Anderson’s roster includes four players from the Schengen region, including incoming freshman Paula Kirner from Germany (though she currently appears on the Women’s Am field list).
Three players from Taiwan on the Arizona roster – sisters Vivian Hou and Yu-Sang Hou, ranked No. 2 and 35, respectively, and No. 134 Ya Chun Chang – are also among the big names missing from the Women’s Am field. Their absence has a lot to do with uncertainty surrounding the fall college season.
“The risk of coming back just to play one tournament for them is just not worth it,” Arizona coach Laura Ianello said of the communication she’s had with those three players. “There’s a bunch of tournaments in Taiwan for them to be competing in. In Taiwan, COVID cases are very minimal so that’s another reason to stay home just to be safe.”
Ianello’s message to her players has been to keep in mind that the situation is fluid. Little is concrete right now, even what the season would look like if it happens. The Pac-12, along with the Big Ten, are two conferences that have already limited fall sports to inner-conference competition. That’s easier said than done in college golf, where fields often include 15 or 16 teams from many different conferences.

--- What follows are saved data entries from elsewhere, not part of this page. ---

(* Let $(\mathcal U,\mathcal F)$ be a strongly accessible set system satisfying the commutable property, let $S$ be a nonempty maximal solution with layered canonical order $s_1,\dots,s_{|S|}$, and let $1\le j\le |S|$. Then $T=\mathrm{complete}'(S[j],\mathcal U)$ is a maximal solution and $T\preceq' S$.
   Context: A set system is $(\mathcal U,\mathcal F)$ with $\mathcal U$ finite, $\mathcal F\subseteq 2^{\mathcal U}$, $\emptyset\in\mathcal F$; $S\in\mathcal F$ is maximal if no $Y\in\mathcal F$ has $S\subsetneq Y$. Strongly accessible: for all $X,Y\in\mathcal F$ with $X\subsetneq Y$ there is $z\in Y\setminus X$ with $X\cup\{z\}\in\mathcal F$. Commutable property: for all $X,Y\in\mathcal F$ with $X\ne\emptyset$, $X\subsetneq Y$, and $a,b\in Y\setminus X$, if $X\cup\{a\},X\cup\{b\}\in\mathcal F$ then $X\cup\{a,b\}\in\mathcal F$. Elements of $\mathcal U$ are distinct integers. For $X,A\subseteq\mathcal U$, $X^+_A=\{a\in A\setminus X: X\cup\{a\}\in\mathcal F\}$ and $X^+=X^+_{\mathcal U}$. $Z=\{x:\{x\}\in\mathcal F\}$, $\mathrm{source}(X)=\min(X\cap Z)$. Layers: for $X\in\mathcal F$ and $t\in X\cap Z$, set $B_0=\{t\}$ and $B_i=B_{i-1}\cup(B_{i-1}^+\cap X)$ for $i>0$; for $y\in X\cup X^+$ define $\mathrm{lay}^X_t(t)=0$ and, for $y\neq t$, $\mathrm{lay}^X_t(y)=\min\{i\ge1: y\in B_{i-1}^+\}$; write $\mathrm{lay}^X=\mathrm{lay}^X_{\mathrm{source}(X)}$. For nonempty $X\in\mathcal F$ and $A\subseteq\mathcal U$ with $X^+_A\ne\emptyset$, $\mathrm{choose}'(X,A)$ is the $y\in X^+_A$ minimizing the pair $(\mathrm{lay}^X(y),y)$ lexicographically. $\mathrm{complete}'(X,A)$: while $X^+_A\neq\emptyset$ replace $X$ by $X\cup\{\mathrm{choose}'(X,A)\}$; return $X$. The layered canonical order of a nonempty maximal $S$ is $s_1=\mathrm{source}(S)$, $s_{i+1}=\mathrm{choose}'(S[i],S)$ while $S[i]^+_S\ne\emptyset$, where $S[i]=\{s_1,\dots,s_i\}$. For maximal $S\neq T$ with layered canonical orders $(s_i),(t_i)$, let $j$ be the smallest index where the pairs $(\mathrm{lay}^S_{s_1}(s_j),s_j)$ and $(\mathrm{lay}^T_{t_1}(t_j),t_j)$ differ; $S\prec' T$ iff the former pair is lexicographically smaller; $S\preceq' T$ iff $S\prec'T$ or $S=T$. *)

From HB Require Import structures.
From mathcomp Require Import all_boot all_order all_algebra.
Set Implicit Arguments. Unset Strict Implicit. Unset Printing Implicit Defensive.
Import Order.TTheory GRing.Theory Num.Theory.

(* The ground set U is the whole finite type T; the elements of U are
   "distinct integers" via an injective labelling lab : T -> int.
   A family F : {set {set T}} is the set system. *)

Section SetSystems.
Variables (T : finType) (lab : T -> int) (F : {set {set T}}).

Definition maximal (S : {set T}) : Prop :=
  S \in F /\ forall Y, Y \in F -> ~ (S \proper Y).

Definition strongly_accessible : Prop :=
  forall X Y, X \in F -> Y \in F -> X \proper Y ->
    exists z, z \in Y :\: X /\ X :|: [set z] \in F.

Definition commutable : Prop :=
  forall X Y, X \in F -> Y \in F -> X != set0 -> X \proper Y ->
    forall a b, a \in Y :\: X -> b \in Y :\: X ->
      X :|: [set a] \in F -> X :|: [set b] \in F -> X :|: [set a; b] \in F.

Definition plusA (X A : {set T}) : {set T} :=
  [set a in A :\: X | X :|: [set a] \in F].

Definition Zset : {set T} := [set x | [set x] \in F].

Definition source (X : {set T}) : option T :=
  [pick x in X :&: Zset | [forall y in X :&: Zset, (lab x <= lab y)%R]].

Definition layer (X : {set T}) (t : T) (i : nat) : {set T} :=
  iter i (fun B => B :|: (plusA B setT :&: X)) [set t].

(* lay^X_t(y): 0 if y = t, otherwise min{ i >= 1 : y \in B_{i-1}^+ }.
   The B_i are increasing and contained in X ∪ {t}, hence constant for
   i >= #|T|; so it suffices to search i-1 in [0, #|T|].  If no such i
   exists the value is #|T|.+2 (an "infinite" layer). *)
Definition lay (X : {set T}) (t y : T) : nat :=
  if y == t then 0%N
  else (find (fun i => y \in plusA (layer X t i) setT) (iota 0 #|T|.+1)).+1.

Definition layX (X : {set T}) (y : T) : nat :=
  match source X with Some t => lay X t y | None => 0%N end.

Definition pair_le (p q : nat * int) : bool :=
  (p.1 < q.1)%N || ((p.1 == q.1) && (p.2 <= q.2)%R).
Definition pair_lt (p q : nat * int) : bool :=
  (p.1 < q.1)%N || ((p.1 == q.1) && (p.2 < q.2)%R).

Definition choose' (X A : {set T}) : option T :=
  [pick y in plusA X A |
     [forall z in plusA X A, pair_le (layX X y, lab y) (layX X z, lab z)]].

(* complete'(X, A): each step adds a new element, so #|T| steps suffice. *)
Definition complete' (X A : {set T}) : {set T} :=
  iter #|T| (fun Y => match choose' Y A with Some y => Y :|: [set y] | None => Y end) X.

Fixpoint canon_from (S : {set T}) (fuel : nat) (s : seq T) : seq T :=
  match fuel with
  | 0 => s
  | k.+1 => match choose' [set x in s] S with
            | Some y => canon_from S k (rcons s y)
            | None => s
            end
  end.

Definition canon (S : {set T}) : seq T :=
  match source S with Some t => canon_from S #|T| [:: t] | None => [::] end.

Definition prefix_set (S : {set T}) (i : nat) : {set T} :=
  [set x in take i (canon S)].

Definition canon_pairs (S : {set T}) : seq (nat * int) :=
  [seq (lay S (head x (canon S)) x, lab x) | x <- canon S].

Fixpoint seq_lt (a b : seq (nat * int)) : bool :=
  match a, b with
  | x :: a', y :: b' => if x == y then seq_lt a' b' else pair_lt x y
  | _, _ => false
  end.

Definition prec' (S T' : {set T}) : bool :=
  (S != T') && seq_lt (canon_pairs S) (canon_pairs T').

Definition preceq' (S T' : {set T}) : bool := prec' S T' || (S == T').

End SetSystems.

From mathcomp Require Import all_boot all_order all_algebra zify.
Set Implicit Arguments. Unset Strict Implicit. Unset Printing Implicit Defensive.
Import Order.TTheory GRing.Theory Num.Theory.

(* Commutability together with strong accessibility makes extendability monotone: an
   element extending a nonempty feasible B also extends every feasible B' between B and a
   feasible W ([plusA_mono]).  Hence all layers are feasible, and the element that choose'
   picks from a prefix X of W has the same layer relative to X as relative to W.  So the
   layered canonical order of a maximal set is computed prefix by prefix, and at the first
   index where the orders of T = complete'(S[j], U) and S differ both elements are
   candidates for the same prefix, T's being the one chosen. *)

Lemma exists_rel_min (X : finType) (r : rel X) : total r -> transitive r ->
  forall P : {set X}, P != set0 -> exists2 y, y \in P & {in P, forall z, r y z}.
Proof.
move=> r_total r_trans P /set0Pn[x Px].
have memP := mem_sort r (enum P).
have := sort_sorted r_total (enum P).
case: (sort r (enum P)) memP => [|y s] memP sorted_ys.
  by move/(_ x): memP; rewrite mem_enum Px.
exists y; first by rewrite -mem_enum -memP mem_head.
move=> z; rewrite -mem_enum -memP inE => /orP[/eqP->|zs].
  by case/orP: (r_total y y).
exact: (allP (order_path_min r_trans sorted_ys)).
Qed.

Lemma pair_le_total p q : pair_le p q || pair_le q p.
Proof.
rewrite /pair_le; case: (ltngtP p.1 q.1) => //= e.
by rewrite ?e ?eqxx /= le_total.
Qed.

Lemma pair_le_trans p q r : pair_le p q -> pair_le q r -> pair_le p r.
Proof.
rewrite /pair_le => /orP[h1|/andP[/eqP e1 h1]] /orP[h2|/andP[/eqP e2 h2]].
- by rewrite (ltn_trans h1 h2).
- by rewrite -e2 h1.
- by rewrite e1 h2.
- by rewrite e1 e2 eqxx (le_trans h1 h2) orbT.
Qed.

Lemma pair_le_fst p q : pair_le p q -> p.1 <= q.1.
Proof. by rewrite /pair_le => /orP[/ltnW//|/andP[/eqP-> _]]. Qed.

Lemma pair_le_anti p q : pair_le p q -> pair_le q p -> p.2 = q.2.
Proof.
rewrite /pair_le => /orP[h1|/andP[/eqP e1 h1]] /orP[h2|/andP[/eqP e2 h2]].
- by move: (ltn_trans h1 h2); rewrite ltnn.
- by move: h1; rewrite e2 ltnn.
- by move: h2; rewrite e1 ltnn.
- by apply/eqP; rewrite eq_le h1 h2.
Qed.

Lemma pair_le_neq_lt p q : pair_le p q -> p.2 != q.2 -> pair_lt p q.
Proof.
rewrite /pair_le /pair_lt => /orP[->//|/andP[e h]] ne.
by rewrite e lt_neqAle ne h orbT.
Qed.

Lemma seq_lt_take (a b : seq (nat * int)) k d : k < size a -> k < size b ->
  take k a = take k b -> pair_lt (nth d a k) (nth d b k) -> seq_lt a b.
Proof.
elim: a b k => [|x a IH] [|y b] [|k] //= ha hb.
  by move=> _ lt_xy; case: eqP => [e|//]; rewrite e /pair_lt ltnn ltxx andbF in lt_xy.
by case=> -> tk lt_k; rewrite eqxx; exact: IH ha hb tk lt_k.
Qed.

Lemma first_mismatch (X : eqType) (u s : seq X) x0 : exists k,
  [/\ k <= size u, k <= size s, take k u = take k s &
      [\/ k = size u, k = size s | nth x0 u k != nth x0 s k]].
Proof.
elim: u s => [|x u IH] s; first by exists 0; split; rewrite ?take0 //; exact: Or31.
case: s => [|y s]; first by exists 0; split; rewrite ?take0 //; exact: Or32.
case: (eqVneq x y) => [<-|ne]; last by exists 0; split; rewrite ?take0 //; exact: Or33.
have [k [ku ks tk mis]] := IH s; exists k.+1; split => //=; first by rewrite tk.
by case: mis => [->|->|h]; [apply: Or31 | apply: Or32 | apply: Or33].
Qed.

Lemma find_agree (s : seq nat) (p q : pred nat) :
  {in take (find p s).+1 s, p =1 q} -> find q s = find p s.
Proof.
elim: s => [//|a s IH] /= pq.
have pq_a : p a = q a by apply: pq; rewrite mem_head.
rewrite -pq_a; case pa: (p a) => //; congr S; apply: IH => i si; apply: pq.
by rewrite pa /= inE si orbT.
Qed.

Section LayeredGreedy.
Variables (T : finType) (lab : T -> int) (F : {set {set T}}).
Hypotheses (lab_inj : injective lab) (F0 : set0 \in F)
  (hSA : strongly_accessible F) (hC : commutable F).

Local Notation key X y := (layX lab F X y, lab y).

Lemma plusAE (X A : {set T}) a :
  (a \in plusA F X A) = [&& a \in A, a \notin X & X :|: [set a] \in F].
Proof. by rewrite !inE; case: (a \in A); case: (a \in X). Qed.

Lemma plusA_sub (X A B : {set T}) a : a \in plusA F X A -> a \in B -> a \in plusA F X B.
Proof. by rewrite !plusAE => /and3P[_ -> ->] ->. Qed.

Lemma plusA_eq0_sub (X W : {set T}) : X \in F -> W \in F -> X \subset W ->
  plusA F X W = set0 -> X = W.
Proof.
move=> XF WF XW plus0; apply/eqP; rewrite eqEproper XW /=; apply/negP => XW'.
have [z [/setDP[zW zX] XzF]] := hSA XF WF XW'.
have : z \in plusA F X W by rewrite plusAE zW zX.
by rewrite plus0 inE.
Qed.

Lemma plusA_subset (X A : {set T}) : plusA F X A \subset A.
Proof. by apply/subsetP => a; rewrite plusAE => /and3P[]. Qed.

Lemma plusA_eq0_maximal (X : {set T}) : X \in F -> plusA F X setT = set0 -> maximal F X.
Proof.
move=> XF plus0; split=> // Y YF XY; have [XY' _] := properP XY.
suff eXY : X = Y by rewrite eXY properxx in XY.
apply: plusA_eq0_sub => //; apply/eqP; rewrite -subset0 -plus0.
by apply/subsetP => a aP; exact: plusA_sub aP (in_setT a).
Qed.

Lemma maximal_sub_eq (X Y : {set T}) : maximal F X -> Y \in F -> X \subset Y -> X = Y.
Proof.
move=> [_ Xmax] YF XY; apply/eqP; rewrite eqEproper XY /=.
by apply/negP => /(Xmax Y YF).
Qed.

“I just told the ladies, we’re playing things as usual,” she said. “In your minds, think that we’re coming back, and it might be a little different.”
Can’t play if you don’t enter
Under normal circumstances, a Women’s Am field filled predominantly by the WAGR would have given the field an international bias. International players account for more than 70 percent of the top 100 in that ranking. Over the past four years, the championship has averaged two international players among the eight quarterfinalists.
These aren’t normal circumstances, of course, precisely because of the way the fields are being filled – with an emphasis on rankings as opposed to local qualifying.
Siarra Stout, a rising senior at Charlotte, stands as the last player to get in based on her world ranking. The world’s No. 251-ranked female amateur (according to the June 24 WAGR) gets a gold star just for having the good sense to fill out an application to play. That appeared to be an overlooked part of the USGA’s new selection method: If a player didn’t fill out an application by the entry deadline of July 8, she wasn’t eligible to play even if her number was called. Few probably thought the USGA would get as far down the list as it did.
It’s just another surprise in a year full of them.